Quick tip: Use Match_input_duration = ON to automatically generate sequences with the same length as your input sound. This is convenient for creating variations while maintaining duration. If you want a specific length, turn it OFF and set Output_length_frames manually. Remember: output duration = Output_length_frames × Frame_hop_ms. For example, 200 frames × 10ms = 2.0 seconds. Stereo_output creates a richer spatial experience by generating two independent channels. Draw_visualization produces a comprehensive 6-panel view showing the complete HMM analysis and generation process.

Important: Select exactly one Sound object before running the script. The script will exit if you select zero or multiple sounds. For best results, use sounds between 5-30 seconds in length. Very short sounds (< 2 seconds) may not provide enough data for meaningful HMM learning. Very long sounds (> 60 seconds) may slow down processing significantly.

About Presets

The script includes 6 presets that configure all parameters for different sonic results:

Fine Grain: High resolution (12 states, 10ms frames, 5ms hop) — captures subtle timbral nuances, smooth transitions, good for detailed textures
Coarse Grain: Low resolution (5 states, 100ms frames, 50ms hop) — bold timbral shifts, rhythmic chunks, good for dramatic contrasts
Textural: Dense (16 states, 20ms frames, 10ms hop) — complex timbral palette, rich textures, 600 frames output for extended morphing
Rhythmic: Pulsed (8 states, 30ms frames, 15ms hop) — balanced resolution, 128 frames output creates clear rhythmic patterns
Experimental: Extreme (24 states, 8ms frames, 4ms hop) — maximum timbral detail, granular, glitchy, unpredictable sequences
Custom: Manual control — set all parameters yourself for specific needs

When you select a preset, all frame size, hop, K, output length, and crossfade parameters are automatically configured.
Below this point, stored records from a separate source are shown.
(* v^T S v computed in Z (here in nat, all terms nonnegative) *)
Definition qform (m : nat) (S : 'M['F_2]_m) (v : F2vec m) : nat :=
  (\sum_(i < m) \sum_(j < m) lift01 (v ord0 i) * lift01 (S i j) * lift01 (v ord0 j))%N.

Definition symF2 (m : nat) (S : 'M['F_2]_m) : bool := S^T == S.

Definition GU (m : nat) (S : 'M['F_2]_m) : cmat m :=
  fun v w => if v == w then 'i ^+ qform S v else 0.

Definition HN (m : nat) : cmat m :=
  fun v w => (sqrtC 2)^-1 ^+ m * (-1) ^+ lift01 ((v *m w^T) ord0 ord0).

Definition cmul (m : nat) (A B : cmat m) : cmat m :=
  fun v w => \sum_(u : F2vec m) A v u * B u w.

Definition cadj (m : nat) (A : cmat m) : cmat m := fun v w => (A w v)^*.
Arguments HN m : clear implicits.

From HB Require Import structures.
From mathcomp Require Import all_boot all_order all_algebra algC.
From mathcomp Require Import ring mxabelem.
Set Implicit Arguments. Unset Strict Implicit. Unset Printing Implicit Defensive.
Import Order.TTheory GRing.Theory Num.Theory.
Local Open Scope ring_scope.

(* Write S = S1 + S2 and f(u) = conj(i^(u^T S1 u)) i^(u^T S2 u).  Expanding the
   product G = G1^dagger G2 gives G(b, w) = 2^-m W(b + w), where
   W(c) = sum_u (-1)^(u.c) f(u) is the Walsh transform of the phase f.
   The phase is "quadratic": lifting F_2-vectors to 0/1 integer vectors, the
   exponent is an integer quadratic form, and reducing its expansion modulo 4
   gives  f(u + v) = f(u) f(v) (-1)^(u S v^T),  with |f(u)| = 1.
   From this identity alone (for any symmetric S over F_2) we derive:
   |W(c)|^2 = 2^m sum_{t in ker S} (-1)^(t.c) f(t); on ker S the summand is a
   character, so this is 2^m |ker S| or 0 according as the character is
   trivial ("c is kernel-neutral").  Parseval (sum_c |W(c)|^2 = 4^m) then shows
   that exactly 2^rank S vectors c are kernel-neutral; the neutral set is
   stable under translation by the row space of S, which has the same size,
   so it is a coset of that row space. *)

Lemma F2_cases (x : 'F_2) : x = 0 \/ x = 1.
Proof. by case: x => [[|[|k]] Hk]; [left|right|]; rewrite //; apply: val_inj. Qed.
(* Let $H$ be a graph whose number $c(H)$ of connected components satisfies $c(H)\ge 2$. (a) If $c(H)\ge 4$, then $O_{\rm SR}(K_1\odot H)=\mathcal{B}$. (b) If $c(H)=3$, then $O_{\rm SR}(K_1\odot H)=\mathcal{N}$ if $H\cong 3K_1$, and $O_{\rm SR}(K_1\odot H)=\mathcal{B}$ otherwise. (c) If $c(H)=2$, then $O_{\rm SR}(K_1\odot H)=\mathcal{M}$ if $H\cong 2K_1$; $O_{\rm SR}(K_1\odot H)=\mathcal{N}$ if $H\in\{K_1\cup K_2, K_1\cup P_3\}$ or $H\cong K_1\cup H^*$, where $H^*$ is a connected graph of order $m\ge 4$ such that $\deg_{H^*}(w)\in\{m-2,m-1\}$ for each $w\in V(H^* )$ and at most two vertices of $H^*$ have degree $m-1$; and $O_{\rm SR}(K_1\odot H)=\mathcal{B}$ otherwise.
   Context: All graphs are finite, simple and undirected. $P_n,K_n$ denote the path and complete graph on $n$ vertices; $kK_1$ is the edgeless graph on $k$ vertices and $\cup$ denotes disjoint union. $K_1\odot H$ (the corona product of $K_1$ with $H$) is the graph obtained from $H$ by adding one new vertex adjacent to every vertex of $H$. A set $S\subseteq V(X)$ is a strong resolving set of a connected graph $X$ if for all distinct $x,y\in V(X)$ there exists $z\in S$ such that $x$ lies on a $y$–$z$ geodesic or $y$ lies on an $x$–$z$ geodesic. The Maker–Breaker strong resolving game on $X$: Maker and Breaker alternately select a not-yet-chosen vertex of $X$; Maker wins if the vertices he selects contain a strong resolving set of $X$, Breaker wins otherwise. In the M-game Maker moves first, in the B-game Breaker moves first. $O_{\rm SR}(X)=\mathcal{M}$ if Maker has a winning strategy in both games, $\mathcal{B}$ if Breaker has a winning strategy in both, and $\mathcal{N}$ if the first player has a winning strategy in each. *)

From mathcomp Require Import all_boot.
Set Implicit Arguments. Unset Strict Implicit. Unset Printing Implicit Defensive.

(** Graphs are given by a vertex finType and an adjacency relation;
    a (finite simple) graph has a symmetric irreflexive relation. *)

Definition on_geodesic (V : finType) (adj : rel V) (x y z : V) : Prop :=
  exists p : seq V,
    [/\ path adj y p, last y p = z, x \in y :: p &
        forall q : seq V, path adj y q -> last y q = z -> size p <= size q].

Definition strong_resolving (V : finType) (adj : rel V) (S : {set V}) : Prop :=
  forall x y : V, x != y ->
    exists2 z, z \in S & (on_geodesic adj x y z \/ on_geodesic adj y x z).

(** Maker-Breaker strong resolving game. M = Maker's vertices, B = Breaker's.
    The game ends when all vertices are chosen; fuel k >= number of free vertices. *)
Fixpoint maker_wins (V : finType) (adj : rel V) (k : nat) (maker_turn : bool)
    (M B : {set V}) : Prop :=
  if ~: (M :|: B) == set0 then strong_resolving adj M else
  match k with
  | 0 => strong_resolving adj M
  | k'.+1 =>
    if maker_turn then exists v, v \notin M :|: B /\ maker_wins adj k' false (v |: M) B
    else forall v, v \notin M :|: B -> maker_wins adj k' true M (v |: B)
  end.

Fixpoint breaker_wins (V : finType) (adj : rel V) (k : nat) (maker_turn : bool)
    (M B : {set V}) : Prop :=
  if ~: (M :|: B) == set0 then ~ strong_resolving adj M else
  match k with
  | 0 => ~ strong_resolving adj M
  | k'.+1 =>
    if maker_turn then forall v, v \notin M :|: B -> breaker_wins adj k' false (v |: M) B
    else exists v, v \notin M :|: B /\ breaker_wins adj k' true M (v |: B)
  end.

Definition maker_wins_Mgame (V : finType) (adj : rel V) := maker_wins adj #|V| true set0 set0.
Definition maker_wins_Bgame (V : finType) (adj : rel V) := maker_wins adj #|V| false set0 set0.
Definition breaker_wins_Mgame (V : finType) (adj : rel V) := breaker_wins adj #|V| true set0 set0.
Definition breaker_wins_Bgame (V : finType) (adj : rel V) := breaker_wins adj #|V| false set0 set0.

Definition OSR_M (V : finType) (adj : rel V) := maker_wins_Mgame adj /\ maker_wins_Bgame adj.
Definition OSR_B (V : finType) (adj : rel V) := breaker_wins_Mgame adj /\ breaker_wins_Bgame adj.
Definition OSR_N (V : finType) (adj : rel V) := maker_wins_Mgame adj /\ breaker_wins_Bgame adj.

(** K_1 (.) H : the new vertex is None. *)
Definition corona_adj (T : finType) (e : rel T) : rel (option T) :=
  fun u v => match u, v with
             | None, None => false
             | None, Some _ => true
             | Some _, None => true
             | Some x, Some y => e x y
             end.

Definition ncomp (T : finType) (e : rel T) : nat :=
  #|[set [set y | connect e x y] | x : T]|.

Definition connected_graph (T : finType) (e : rel T) : Prop :=
  forall x y : T, connect e x y.

Definition deg (T : finType) (e : rel T) (x : T) : nat := #|[set y | e x y]|.

Definition isomorphic (T1 T2 : finType) (e1 : rel T1) (e2 : rel T2) : Prop :=
  exists f : T1 -> T2, bijective f /\ forall x y, e2 (f x) (f y) = e1 x y.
You can still modify individual parameters after selecting a preset.

HMM Theory

What is a Hidden Markov Model?

A Hidden Markov Model is a statistical model that describes a system with hidden states that cannot be directly observed. Instead, we observe outputs (emissions) that are probabilistically related to the hidden states.

HMM Structure:

States (S): Hidden timbre classes (e.g., "bright", "dark", "noisy", etc.)
Observations (O): Measurable features extracted from audio frames
Transition Probabilities P(St+1|St): Probability of moving from state i to state j
Emission Probabilities P(O|S): Probability of observing features given a state
Initial Probabilities P(S1): Starting state distribution

HMM vs Simple Markov Chain

Aspect	Simple Markov Chain	Hidden Markov Model
States	Directly observed	Hidden, inferred from observations
Observations	States themselves	Separate from states
Emission model	None	Probabilistic (Gaussian in this script)
State inference	Direct assignment	Viterbi algorithm
Generation	Follow transitions	Sample states, then sample observations
Flexibility	Rigid state assignments	Probabilistic, handles uncertainty

Key Algorithms

1. K-means Initialization

Groups similar feature vectors into K clusters to initialize hidden states. Each cluster becomes a timbre class.

2. Emission Modeling

For each state k, compute Gaussian parameters:

Mean μk = average feature vector for all frames in state k
Std σk = standard deviation for each feature dimension

Emission probability: P(observation | state k) ~ N(μk, σk²)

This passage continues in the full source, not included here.